# What you need to do
Everything in the listing below must be duplicated exactly.

# Source data
Lemma expeR_weight_bounds {R : realType} (w k e eta v c : R) :
  0 <= w -> 0 <= k -> 0 <= e -> 0 <= c -> k + e <= v -> 0 < eta ->
  let F := (w%:E * expeR (- k%:E - e%:E - c%:E))%E in
  let G := (w%:E * expeR (- eta%:E - v%:E - c%:E))%E in
  [/\ (0 <= G)%E, (G <= F)%E, (F <= w%:E)%E & (0 < w -> (G < F)%E)].
Proof.
move=> w0 k0 e0 c0 kev eta0 /=; rewrite -!EFinM !lee_fin lte_fin.
split.
- by rewrite mulr_ge0 ?expR_ge0.
- by rewrite ler_wpM2l // ler_expR; lra.
- by rewrite -[leRHS]mulr1 ler_wpM2l // -expR0 ler_expR; lra.
- by move=> w_gt0; rewrite ltr_pM2l // ltr_expR; lra.
Qed.

Theorem lemma5 (R : realType)
  (dX : measure_display) (X : measurableType dX) (muX : {measure set X -> \bar R})
  (dU : measure_display) (U : measurableType dU) (muU : {measure set U -> \bar R})
  (qu : X -> U -> R)              (* q(u_k | x_{k-1}) *)
  (pbar : X -> U -> X -> R)       (* pbar(x_k | x_{k-1}, u_k) *)
  (qx : X -> U -> X -> R)         (* q(x_k | x_{k-1}, u_k) *)
  (eta : X -> U -> R)             (* eta_k(x_{k-1}, u_k) *)
  (cbar : X -> R) (cu : U -> R)   (* state cost, action cost c^(u)_k *)
  (ctilde : X -> U -> R) :
  (forall x, is_density muU (qu x)) ->
  (forall x u, is_density muX (pbar x u)) ->
  (forall x u, is_density muX (qx x u)) ->
  (exists B : R, forall x u y, qx x u y <= B) ->
  (forall x u, supp (pbar x u) `<=` supp (qx x u)) ->
  (forall x u, 0 < eta x u) ->
  (exists B : R, forall x u, eta x u <= B) ->
  (forall y, 0 <= cbar y) -> (exists B : R, forall y, cbar y <= B) ->
  measurable_fun setT cbar ->
  (forall u, 0 <= cu u) -> (exists B : R, forall u, B <= cu u) ->
  (* ctilde = min_{alpha >= 0} Vtilde_alpha *)
  (forall x u, is_min_Vtilde muX (pbar x u) (qx x u) cbar (eta x u) (ctilde x u)) ->
  (* measurability of the integrands in u_k *)
  (forall x, measurable_fun [set: U] (fun u : U => ((qu x u)%:E *
      expeR (- KL muX (pbar x u) (qx x u) - expect muX (pbar x u) cbar - (cu u)%:E))%E)) ->
  (forall x, measurable_fun [set: U] (fun u : U =>
      ((qu x u)%:E * expeR (- (eta x u)%:E - (ctilde x u)%:E - (cu u)%:E))%E)) ->
  forall xprev : X,
  (- lne (\int[muU]_u ((qu xprev u)%:E *
      expeR (- KL muX (pbar xprev u) (qx xprev u)
             - expect muX (pbar xprev u) cbar - (cu u)%:E)))
   < - lne (\int[muU]_u ((qu xprev u)%:E *
      expeR (- (eta xprev u)%:E - (ctilde xprev u)%:E - (cu u)%:E))))%E.
Proof.
move=> dqu dp dqx _ supp_pq eta_gt0 _ cbar_ge0 [B cbar_le] mcbar cu_ge0 _ ctilde_min mF mG x.
rewrite lteN2; apply: lne_integral_lt (dqu x) (mF x) (mG x) _ => u /=.
have [k [e [-> -> k_ge0 e_ge0 ke_le]]] := KL_expect_le_attained_Vtilde
  (dp x u) (dqx x u) (supp_pq x u) mcbar cbar_ge0 cbar_le (ltW (eta_gt0 x u))
  (ctilde_min x u).1.
have [qu_ge0 _ _] := dqu x.
exact: expeR_weight_bounds (qu_ge0 u) k_ge0 e_ge0 (cu_ge0 u) ke_le (eta_gt0 x u).
Qed.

# Reply
Lemma expeR_weight_bounds {R : realType} (w k e eta v c : R) :
  0 <= w -> 0 <= k -> 0 <= e -> 0 <= c -> k + e <= v -> 0 < eta ->
  let F := (w%:E * expeR (- k%:E - e%:E - c%:E))%E in
  let G := (w%:E * expeR (- eta%:E - v%:E - c%:E))%E in
  [/\ (0 <= G)%E, (G <= F)%E, (F <= w%:E)%E & (0 < w -> (G < F)%E)].
Proof.
move=> w0 k0 e0 c0 kev eta0 /=; rewrite -!EFinM !lee_fin lte_fin.
split.
- by rewrite mulr_ge0 ?expR_ge0.
- by rewrite ler_wpM2l // ler_expR; lra.
- by rewrite -[leRHS]mulr1 ler_wpM2l // -expR0 ler_expR; lra.
- by move=> w_gt0; rewrite ltr_pM2l // ltr_expR; lra.
Qed.

Theorem lemma5 (R : realType)
  (dX : measure_display) (X : measurableType dX) (muX : {measure set X -> \bar R})
  (dU : measure_display) (U : measurableType dU) (muU : {measure set U -> \bar R})
  (qu : X -> U -> R)              (* q(u_k | x_{k-1}) *)
  (pbar : X -> U -> X -> R)       (* pbar(x_k | x_{k-1}, u_k) *)
  (qx : X -> U -> X -> R)         (* q(x_k | x_{k-1}, u_k) *)
  (eta : X -> U -> R)             (* eta_k(x_{k-1}, u_k) *)
  (cbar : X -> R) (cu : U -> R)   (* state cost, action cost c^(u)_k *)
  (ctilde : X -> U -> R) :
  (forall x, is_density muU (qu x)) ->
  (forall x u, is_density muX (pbar x u)) ->
  (forall x u, is_density muX (qx x u)) ->
  (exists B : R, forall x u y, qx x u y <= B) ->
  (forall x u, supp (pbar x u) `<=` supp (qx x u)) ->
  (forall x u, 0 < eta x u) ->
  (exists B : R, forall x u, eta x u <= B) ->
  (forall y, 0 <= cbar y) -> (exists B : R, forall y, cbar y <= B) ->
  measurable_fun setT cbar ->
  (forall u, 0 <= cu u) -> (exists B : R, forall u, B <= cu u) ->
  (* ctilde = min_{alpha >= 0} Vtilde_alpha *)
  (forall x u, is_min_Vtilde muX (pbar x u) (qx x u) cbar (eta x u) (ctilde x u)) ->
  (* measurability of the integrands in u_k *)
  (forall x, measurable_fun [set: U] (fun u : U => ((qu x u)%:E *
      expeR (- KL muX (pbar x u) (qx x u) - expect muX (pbar x u) cbar - (cu u)%:E))%E)) ->
  (forall x, measurable_fun [set: U] (fun u : U =>
      ((qu x u)%:E * expeR (- (eta x u)%:E - (ctilde x u)%:E - (cu u)%:E))%E)) ->
  forall xprev : X,
  (- lne (\int[muU]_u ((qu xprev u)%:E *
      expeR (- KL muX (pbar xprev u) (qx xprev u)
             - expect muX (pbar xprev u) cbar - (cu u)%:E)))
   < - lne (\int[muU]_u ((qu xprev u)%:E *
      expeR (- (eta xprev u)%:E - (ctilde xprev u)%:E - (cu u)%:E))))%E.
Proof.
move=> dqu dp dqx _ supp_pq eta_gt0 _ cbar_ge0 [B cbar_le] mcbar cu_ge0 _ ctilde_min mF mG x.
rewrite lteN2; apply: lne_integral_lt (dqu x) (mF x) (mG x) _ => u /=.
have [k [e [-> -> k_ge0 e_ge0 ke_le]]] := KL_expect_le_attained_Vtilde
  (dp x u) (dqx x u) (supp_pq x u) mcbar cbar_ge0 cbar_le (ltW (eta_gt0 x u))
  (ctilde_min x u).1.
have [qu_ge0 _ _] := dqu x.
exact: expeR_weight_bounds (qu_ge0 u) k_ge0 e_ge0 (cu_ge0 u) ke_le (eta_gt0 x u).
Qed.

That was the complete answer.